Goal of the exercise.
Lines holding the string "Smid": copy each one from the listing below.

--------------------

Lemma rect_locusE p1 d1 p3 d3 p2 d2 p4 d4 m :
  cross d1 d3 != 0 -> cross d2 d4 != 0 ->
  rect_locus (line p1 d1) (line p3 d3) (line p2 d2) (line p4 d4) m <->
  midseg_sq p1 d1 p3 d3 m = midseg_sq p2 d2 p4 d4 m.
Proof.
move=> d13 d24; split.
  move=> [a [c [b [d [[la lc lb ld] [-> mbd]]]]]].
  by rewrite (sqdist_midseg d13 la lc) mbd (sqdist_midseg d24 lb ld); lra.
move=> eqN.
have [a [c [la lc mac]]] := midseg_exists p1 _ p3 _ m d13.
have [b [d [lb ld mbd]]] := midseg_exists p2 _ p4 _ m d24.
exists a, c, b, d; split => //; split => //.
by rewrite (sqdist_midseg d13 la lc) (sqdist_midseg d24 lb ld) -mac -mbd eqN.
Qed.

Lemma cross_midpoint_parallel {p1 d1 p3 d3 a c} : cross d1 d3 = 0 ->
  line p1 d1 a -> line p3 d3 c -> 2 * cross d1 (midpoint a c) = cross d1 (padd p1 p3).
Proof.
move=> d13 [t ->] [s ->]; apply/eqP; rewrite -subr_eq0; apply/eqP.
by rewrite -(mulr0 s) -d13 /cross /midpoint /padd /=; field.
Qed.

Lemma parallel_midpoints_not_hyperbola (S : point R -> Prop) p1 d1 p3 d3 :
  nonzero_vec d1 -> cross d1 d3 = 0 ->
  (forall m, S m -> exists a c, [/\ line p1 d1 a, line p3 d3 c & m = midpoint a c]) ->
  ~ hyperbola S.
Proof.
move=> n1 d13 Smid hS.
have [] := @hyperbola_sub_line _ S (- 2 * d1.2) (2 * d1.1) (cross d1 (padd p1 p3)) hS.
  move=> m /Smid [a [c [la lc ->]]].
  by rewrite -(cross_midpoint_parallel d13 la lc) /cross; ring.
by move=> h1 h2; case: n1 => /eqP; apply; lra.
Qed.

End Segments.

Section Kform.
Context {R : realType}.
Implicit Types p d m : point R.

Definition kform d1 d3 m : R :=
  dot d1 d3 / cross d1 d3 ^+ 2 * (cross d1 m * cross d3 m).

Lemma midseg_sq_expand p1 d1 p3 d3 : cross d1 d3 != 0 ->
  exists b1 b2 g, forall m, midseg_sq p1 d1 p3 d3 m =
    m.1 ^+ 2 + m.2 ^+ 2 + 4 * kform d1 d3 m + b1 * m.1 + b2 * m.2 + g.
Proof.
set N := midseg_sq p1 d1 p3 d3 => d13.
(* midseg_sq is a quadratic polynomial in m: read off its affine part from its values *)
exists ((N (1, 0) - N (-1, 0)) / 2), ((N (0, 1) - N (0, -1)) / 2), (N (0, 0)) => m.
move: d13; rewrite {}/N /midseg_sq /kform /cross /dot /=.
by case: p1 d1 p3 d3 m => [? ?] [? ?] [? ?] [? ?] [? ?] /= d13; field.
Qed.

Lemma rect_locus_conic p1 d1 p3 d3 p2 d2 p4 d4 :
  cross d1 d3 != 0 -> cross d2 d4 != 0 ->
  exists b1 b2 g, forall m,
    rect_locus (line p1 d1) (line p3 d3) (line p2 d2) (line p4 d4) m <->
    4 * (kform d1 d3 m - kform d2 d4 m) + b1 * m.1 + b2 * m.2 + g = 0.
Proof.
move=> d13 d24.
have [b1 [b2 [g N13]]] := midseg_sq_expand p1 _ p3 _ d13.
have [b1' [b2' [g' N24]]] := midseg_sq_expand p2 _ p4 _ d24.
exists (b1 - b1'), (b2 - b2'), (g - g') => m.
by rewrite rect_locusE // N13 N24; split => h; lra.
Qed.

(* (a, b, c) is the matrix of the quadratic part m.1^2 + m.2^2 + 4 kform d1 d3 m
   of midseg_sq (see midseg_sq_expand): positive definite of determinant 1. *)
Lemma kform_quadf {d1 d3} : cross d1 d3 != 0 ->
  exists a b c, [/\ forall m, 4 * kform d1 d3 m = quadf (a - 1) b (c - 1) m.1 m.2,
                     a * c - b ^+ 2 = 1 & 0 < a + c].
Proof.
move=> d13; set k := dot d1 d3 / cross d1 d3 ^+ 2.
exists (1 + 4 * k * (d1.2 * d3.2)), (- 2 * k * (d1.1 * d3.2 + d1.2 * d3.1)),
       (1 + 4 * k * (d1.1 * d3.1)).
split => [m||]; first by rewrite /kform -/k /quadf /cross; ring.
  by move: d13; rewrite /k /cross /dot => d13; field; exact: d13.
have -> : 1 + 4 * k * (d1.2 * d3.2) + (1 + 4 * k * (d1.1 * d3.1)) =
          2 + 4 * (dot d1 d3 / cross d1 d3) ^+ 2.
  by rewrite /k /dot; field.
by have := sqr_ge0 (dot d1 d3 / cross d1 d3); lra.
Qed.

--------------------

Completed task.
move=> n1 d13 Smid hS.
  move=> m /Smid [a [c [la lc ->]]].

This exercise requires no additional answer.